433 U.S. 350 (1977), argued 18 Jan. 1977, decided 27 June 1977 by vote of 5 to 4; Blackmun for the Court; Burger, Powell, and Rehnquist in dissent. In Bates the Supreme Court struck down state legal ethics codes that prohibited lawyers from advertising. Two young lawyers, John Bates and Van O’Steen, sought to create a test case by placing a newspaper advertisement indicating that they offered “legal services at very reasonable fees” and listing some of the fees they charged. The Board of Governors of the State Bar recommended that the two lawyers be suspended.
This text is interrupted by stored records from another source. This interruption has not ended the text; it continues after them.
Lemma layer_weight_min x : w x = lo -> layer_weight x = 0.
Proof.
move=> wx_lo; rewrite /layer_weight /prev_value big_pred0 => [|y].
  by rewrite wx_lo subrr mul0r.
by rewrite wx_lo ltNge lo_le_w.
Qed.

Lemma sum_layer_weight_level u :
  \sum_(x | w x == w u) layer_weight x = psi (w u) - psi (prev_value u).
Proof.
rewrite (eq_bigr (fun=> layer_weight u)) => [|x /eqP wxu]; last first.
  by rewrite /layer_weight /prev_value /level_mult wxu.
have mult_gt0 : (level_mult u)%:R != 0 :> R.
  by rewrite pnatr_eq0 -lt0n; apply/card_gt0P; exists u; rewrite inE /=.
by rewrite sumr_const -mulr_natr divfK.
Qed.

Lemma sum_layer_weight u v : w v <= w u ->
  \sum_(x | w v < w x <= w u) layer_weight x = psi (w u) - psi (w v).
Proof.
have [k] := ubnP #|[pred x | w v < w x <= w u]|.
elim: k u => // k IH u card_lt le_vu.
have [eq_uv|lt_vu] := eqVneq (w u) (w v).
  by rewrite eq_uv subrr big_pred0 // => x; rewrite lt_le_asym.
have {}lt_vu : w v < w u by rewrite lt_neqAle eq_sym lt_vu.
have [z lt_zu prev_u] := prev_valueP lt_vu.
have le_vz : w v <= w z by rewrite -prev_u prev_value_ge.
have card_z : (#|[pred x | (w v < w x <= w z)%R]| < k)%N.
  rewrite -ltnS; apply: leq_trans card_lt; rewrite ltnS; apply: proper_card.
  apply/properP; split; last by exists u; rewrite !inE /= ?lt_vu ?lexx // leNgt lt_zu andbF.
  by apply/subsetP => x; rewrite !inE /= => /andP[-> /le_trans/(_ (ltW lt_zu))].
have top_level : \sum_(x | (w v < w x <= w u) && (w x == w u)) layer_weight x
    = psi (w u) - psi (w z).
  rewrite -prev_u -sum_layer_weight_level; apply: eq_bigl => x.
  by case: eqP => [->|]; rewrite ?andbF ?lt_vu ?lexx.
have lower_levels : \sum_(x | (w v < w x <= w u) && (w x != w u)) layer_weight x
    = psi (w z) - psi (w v).
  rewrite -IH //; apply: eq_bigl => x; rewrite -andbA; congr (_ && _).
  rewrite andbC -lt_neqAle; apply/idP/idP => [/prev_value_ge|le_xz].
    by rewrite prev_u.
  exact: le_lt_trans le_xz lt_zu.
by rewrite (bigID (fun x => w x == w u)) /= top_level lower_levels addrA subrK.
Qed.
End LayerCake.

Section SignedSquare.
Variable R : realFieldType.
Implicit Types p q l : R.

Lemma signed_sqr_mono : {homo (fun p : R => p * `|p|) : p q / p <= q}.
Proof. by move=> p q le_pq; case: (ger0P p) => ?; case: (ger0P q) => ?; nra. Qed.

Lemma sqrB_le_signed_sqrB p q : (p - q) ^+ 2 <= 2 * `|p * `|p| - q * `|q| |.
Proof.
wlog le_qp : p q / q <= p.
  move=> hwlog; case: (leP q p) => [/hwlog//|/ltW/hwlog].
  by rewrite -sqrrN opprB distrC.
rewrite ger0_norm ?subr_ge0 ?signed_sqr_mono //.
have := sqr_ge0 (p + q).
by case: (ger0P p) => ?; case: (ger0P q) => ?; nra.
Qed.

Lemma signed_sqrB_le p q l : 0 <= l ->
  2 * l * `|p * `|p| - q * `|q| | <= l ^+ 2 * (p - q) ^+ 2 + 2 * (p ^+ 2 + q ^+ 2).
Proof.
move=> l_ge0; wlog le_qp : p q / q <= p.
  move=> hwlog; case: (leP q p) => [/hwlog//|/ltW/hwlog].
  by rewrite (distrC (q * _)) -(sqrrN (q - p)) opprB (addrC (q ^+ 2)).
rewrite ger0_norm ?subr_ge0 ?signed_sqr_mono //.
have cross : p * `|p| - q * `|q| <= (p - q) * (`|p| + `|q|).
  by case: (ger0P p) => ?; case: (ger0P q) => ?; nra.
have := sqr_ge0 (l * (p - q) - (`|p| + `|q|)); have := sqr_ge0 (`|p| - `|q|).
rewrite -[p ^+ 2]real_normK ?num_real // -[q ^+ 2]real_normK ?num_real //.
nra.
Qed.
End SignedSquare.

Lemma sum_sqrB_mean (R : realFieldType) n (f : 'I_n -> R) : (0 < n)%N ->
  \sum_u \sum_v (f u - f v) ^+ 2 = 2 * n%:R * \sum_i (f i - (\sum_j f j) / n%:R) ^+ 2.
Proof.
move=> n_gt0; set c := (\sum_j f j) / n%:R.
have centered : \sum_i (f i - c) = 0.
  by rewrite sumrB sumr_const card_ord -mulr_natr divfK ?subrr ?pnatr_eq0 -?lt0n.
transitivity (\sum_u \sum_v ((f u - c) ^+ 2 + (f v - c) ^+ 2 - 2 * (f u - c) * (f v - c))).
  by apply: eq_bigr => u _; apply: eq_bigr => v _; ring.
under eq_bigr => u _ do
  rewrite sumrB big_split /= sumr_const card_ord -mulr_sumr centered mulr0 subr0.
by rewrite big_split /= sumrMnl sumr_const card_ord !mulr_natr -mulrnDl -mulr2n; ring.
Qed.
(* The factor of a binomial generating function is at most exp (k p (u - 1)),
   by 1 + x <= e^x. *)
Lemma binomial_factor_le_exp (p u : R) (k : nat) :
  0 <= p <= 1 -> 0 <= u -> (p * u + (1 - p)) ^ k <= exp (INR k * (p * (u - 1))).
Proof.
move=> p01 u_ge0; rewrite -exp_pow_nat; apply: pow_incr; split; first by nra.
by apply: Rle_trans (exp_ineq1_le _); lra.
Qed.

Lemma exp_neg_le_inv_pow (x y : R) (m : nat) :
  0 < x -> INR m * ln x <= y -> exp (- y) <= / x ^ m.
Proof.
move=> x_gt0 y_ge; have xm_gt0 : 0 < x ^ m by apply: pow_lt.
have /exp_monotone : - y <= - ln (x ^ m) by rewrite ln_pow //; lra.
by rewrite [exp (- ln _)]exp_Ropp exp_ln.
Qed.

Lemma exp_neg_two_fifths_le : exp (- (2/5)) <= 5/7.
Proof.
rewrite exp_Ropp -(Rinv_inv (5/7)); apply: Rinv_le_contravar; first lra.
by apply: Rle_trans (exp_ineq1_le _); lra.
Qed.

Lemma exp_one_25th_le : exp (1/25) <= 25/24.
Proof.
rewrite -(Ropp_involutive (1/25)) exp_Ropp -(Rinv_inv (25/24)).
apply: Rinv_le_contravar; first lra.
by apply: Rle_trans (exp_ineq1_le _); lra.
Qed.

Lemma ln_ge0_of (x : R) : 1 <= x -> 0 <= ln x.
Proof.
case/Rle_lt_or_eq_dec => [x_gt1 | <-]; last by rewrite ln_1; apply: Rle_refl.
by have := ln_increasing _ _ Rlt_0_1 x_gt1; rewrite ln_1; lra.
Qed.
(* Consider a liquid ($l$), its vapor ($v$) and a gas ($g$), each with extensive entropy $S_k$ of $(M_k,V_k,E_k)$ that is concave, positively homogeneous of degree 1, upper semi-continuous, with non-empty closed convex domain, and $\mathcal C^2$ with $\partial S_k/\partial E>0$; let $s_k(\tau,e)=S_k(1,\tau,e)$, $1/T_k=\partial_e s_k$, $p_k/T_k=\partial_\tau s_k$. Fix the gas mass fraction $\varphi_g\in[0,1]$ and define, for $\tau,e>0$, $$s_{PT}(\tau,e,\varphi_g)=\max\Big\{\sum_{k}\varphi_k s_k(\tau_k,e_k)\ :\ \varphi_l+\varphi_v=1-\varphi_g,\ e=\sum_k\varphi_ke_k,\ \tau=\varphi_l\tau_l+\varphi_g\tau_g,\ \varphi_v\tau_v=\varphi_g\tau_g\Big\},$$ the maximum being over $\varphi_l,\varphi_v\ge0$ and $(\tau_k,e_k)_k$, and assume it is attained at an interior point, at which the phases have a common temperature $T=T_l=T_g=T_v$ and the mixture pressure is $p=p_l=p_g+p_v$. Then $s_{PT}$ depends only on $(\tau,e)$ and satisfies $T\,ds_{PT}=de+p\,d\tau$ (i.e. $\partial_e s_{PT}=1/T$, $\partial_\tau s_{PT}=p/T$), where $T$ and $p$ are the mixture temperature and pressure at equilibrium.
   Context: $\varphi_k$, $\tau_k$, $e_k$ are the mass fraction, specific volume and specific internal energy of phase $k$; vapor and gas occupy the same volume ($\varphi_v\tau_v=\varphi_g\tau_g$) while the liquid occupies a separate volume; mass transfer is allowed between liquid and vapor only. *)

From Stdlib Require Import Reals Lra.
From Coquelicot Require Import Coquelicot.
Open Scope R_scope.

(* ---------- Extensive entropies S(M,V,E) with domain D ⊆ R^3 ----------
   An extended-valued entropy S : R^3 -> R ∪ {-oo} is represented by its
   domain D (where S > -oo) and its (real) values on D. *)

Definition near3 (d : R) (x1 x2 x3 y1 y2 y3 : R) : Prop :=
  Rabs (y1 - x1) < d /\ Rabs (y2 - x2) < d /\ Rabs (y3 - x3) < d.

Definition interior3 (D : R -> R -> R -> Prop) (x1 x2 x3 : R) : Prop :=
  exists d, 0 < d /\ forall y1 y2 y3, near3 d x1 x2 x3 y1 y2 y3 -> D y1 y2 y3.

Definition closed3 (D : R -> R -> R -> Prop) : Prop :=
  forall x1 x2 x3, ~ D x1 x2 x3 ->
    exists d, 0 < d /\ forall y1 y2 y3, near3 d x1 x2 x3 y1 y2 y3 -> ~ D y1 y2 y3.

Definition convex3 (D : R -> R -> R -> Prop) : Prop :=
  forall x1 x2 x3 y1 y2 y3 l, 0 <= l <= 1 -> D x1 x2 x3 -> D y1 y2 y3 ->
    D (l * x1 + (1 - l) * y1) (l * x2 + (1 - l) * y2) (l * x3 + (1 - l) * y3).

Definition concave_on3 (S : R -> R -> R -> R) (D : R -> R -> R -> Prop) : Prop :=
  forall x1 x2 x3 y1 y2 y3 l, 0 <= l <= 1 -> D x1 x2 x3 -> D y1 y2 y3 ->
    l * S x1 x2 x3 + (1 - l) * S y1 y2 y3 <=
    S (l * x1 + (1 - l) * y1) (l * x2 + (1 - l) * y2) (l * x3 + (1 - l) * y3).

Definition pos_homogeneous3 (S : R -> R -> R -> R) (D : R -> R -> R -> Prop) : Prop :=
  forall l x1 x2 x3, 0 < l -> D x1 x2 x3 ->
    D (l * x1) (l * x2) (l * x3) /\ S (l * x1) (l * x2) (l * x3) = l * S x1 x2 x3.

(* upper semicontinuity of the extended function; since D is closed this
   amounts to upper semicontinuity of S restricted to D *)
Definition usc_on3 (S : R -> R -> R -> R) (D : R -> R -> R -> Prop) : Prop :=
  forall x1 x2 x3, D x1 x2 x3 -> forall eps, 0 < eps ->
    exists d, 0 < d /\ forall y1 y2 y3, D y1 y2 y3 -> near3 d x1 x2 x3 y1 y2 y3 ->
      S y1 y2 y3 < S x1 x2 x3 + eps.

(* partial derivatives: i = 0 -> M, i = 1 -> V, i = 2 -> E *)
Definition pd (i : nat) (f : R -> R -> R -> R) : R -> R -> R -> R :=
  match i with
  | O => fun x1 x2 x3 => Derive (fun t => f t x2 x3) x1
  | 1%nat => fun x1 x2 x3 => Derive (fun t => f x1 t x3) x2
  | _ => fun x1 x2 x3 => Derive (fun t => f x1 x2 t) x3
  end.

Definition ex_pd (i : nat) (f : R -> R -> R -> R) (x1 x2 x3 : R) : Prop :=
  match i with
  | O => ex_derive (fun t => f t x2 x3) x1
  | 1%nat => ex_derive (fun t => f x1 t x3) x2
  | _ => ex_derive (fun t => f x1 x2 t) x3
  end.

Definition continuous_on3 (f : R -> R -> R -> R) (U : R -> R -> R -> Prop) : Prop :=
  forall x1 x2 x3, U x1 x2 x3 -> forall eps, 0 < eps ->
    exists d, 0 < d /\ forall y1 y2 y3, U y1 y2 y3 -> near3 d x1 x2 x3 y1 y2 y3 ->
      Rabs (f y1 y2 y3 - f x1 x2 x3) < eps.

(* C^2 on an open set U: all first and second partial derivatives exist on U
   and all second partial derivatives are continuous on U (which implies that
   f is twice continuously differentiable on U). *)
Definition C2_on3 (f : R -> R -> R -> R) (U : R -> R -> R -> Prop) : Prop :=
  forall i j, (i < 3)%nat -> (j < 3)%nat ->
    (forall x1 x2 x3, U x1 x2 x3 -> ex_pd i f x1 x2 x3 /\ ex_pd j (pd i f) x1 x2 x3)
    /\ continuous_on3 (pd j (pd i f)) U.

Definition phase_entropy (S : R -> R -> R -> R) (D : R -> R -> R -> Prop) : Prop :=
  (exists x1 x2 x3, D x1 x2 x3) /\ closed3 D /\ convex3 D /\
  concave_on3 S D /\ pos_homogeneous3 S D /\ usc_on3 S D /\
  C2_on3 S (interior3 D) /\
  (forall x1 x2 x3, interior3 D x1 x2 x3 -> 0 < pd 2 S x1 x2 x3).

Definition spec (S : R -> R -> R -> R) (tau e : R) : R := S 1 tau e.
Definition temperature (S : R -> R -> R -> R) (tau e : R) : R :=
  / Derive (fun e' => spec S tau e') e.
Definition pressure (S : R -> R -> R -> R) (tau e : R) : R :=
  temperature S tau e * Derive (fun t => spec S t e) tau.

Record config := mkConfig {
  phl : R; phv : R;
  taul : R; el : R; tauv : R; ev : R; taug : R; eg : R }.

Definition feasible (Dl Dv Dg : R -> R -> R -> Prop) (phg tau e : R) (c : config) : Prop :=
  0 <= phl c /\ 0 <= phv c /\ phl c + phv c = 1 - phg /\
  e = phl c * el c + phv c * ev c + phg * eg c /\
  tau = phl c * taul c + phg * taug c /\
  phv c * tauv c = phg * taug c /\
  Dl 1 (taul c) (el c) /\ Dv 1 (tauv c) (ev c) /\ Dg 1 (taug c) (eg c).

Definition mix_value (Sl Sv Sg : R -> R -> R -> R) (phg : R) (c : config) : R :=
  phl c * spec Sl (taul c) (el c) + phv c * spec Sv (tauv c) (ev c)
  + phg * spec Sg (taug c) (eg c).

(* s_PT(tau,e,phg) := sup of the mixture entropy over feasible configurations,
   as an extended real (-oo if infeasible). *)
Definition sPT (Sl Sv Sg : R -> R -> R -> R) (Dl Dv Dg : R -> R -> R -> Prop)
  (phg tau e : R) : Rbar :=
  Lub_Rbar (fun x => exists c, feasible Dl Dv Dg phg tau e c /\ x = mix_value Sl Sv Sg phg c).

(* Perturbing only the liquid phase of the maximiser c, by (a, b) / phl c in
   (tau_l, e_l), gives a feasible state at (tau + a, e + b); its entropy is a
   lower bound g(a, b) for s_PT there, and g has the partial derivatives 1/T_l
   and p_l/T_l at 0.  Mixing two feasible states phase by phase is feasible at
   the midpoint and, by concavity of each s_k, does not lower the entropy;
   since c is optimal this gives s_PT(tau + a, e + b) <= 2 g(0, 0) - g(-a, -b).
   The two bounds touch at 0 and are tangent there, so s_PT is differentiable
   with the same partial derivatives as g. *)

From Stdlib Require Import Reals Lra Lia.
From Coquelicot Require Import Coquelicot.
Open Scope R_scope.

Lemma Rabs_slope_lt (u h L eps : R) :
  h <> 0 -> Rabs (u / h - L) < eps <-> Rabs (u - L * h) < eps * Rabs h.
Proof.
  intros Hh.
  replace (u / h - L) with ((u - L * h) / h) by (field; exact Hh).
  rewrite Rabs_div by exact Hh.
  apply Rlt_div_l, Rabs_pos_lt, Hh.
Qed.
The Arizona Supreme Court upheld the decision but reduced the punishment to censure.
In the U.S. Supreme Court the attorneys attacked the Arizona rule on two grounds: that it violated the Sherman Antitrust Act by creating a restraint of trade, and that it violated the First Amendment by restraining the right of free speech. The Supreme Court rejected the antitrust claim, but held that their First Amendment rights of speech, together with the right of the public consumers of legal services to receive their message, outweighed any adverse effects on professionalism that advertising might have. The Court subsequently limited the First Amendment right in Ohralik v. Ohio State Bar Association (1978), where it sanctioned a policy of totally barring in-person solicitation of clients.
Bates opened up the practice of law to greater competition and made possible the growth of legal clinics that provide routine legal needs of the middle and lower middle class. One empirical study in Arizona found that, after Bates, the average cost of these legal services declined. The case, along with Goldfarb v. Virginia State Bar (1975), which prohibited bar sponsored fee schedules, signaled the end to total self-regulation of the bar, which the leadership of the American legal profession has decried.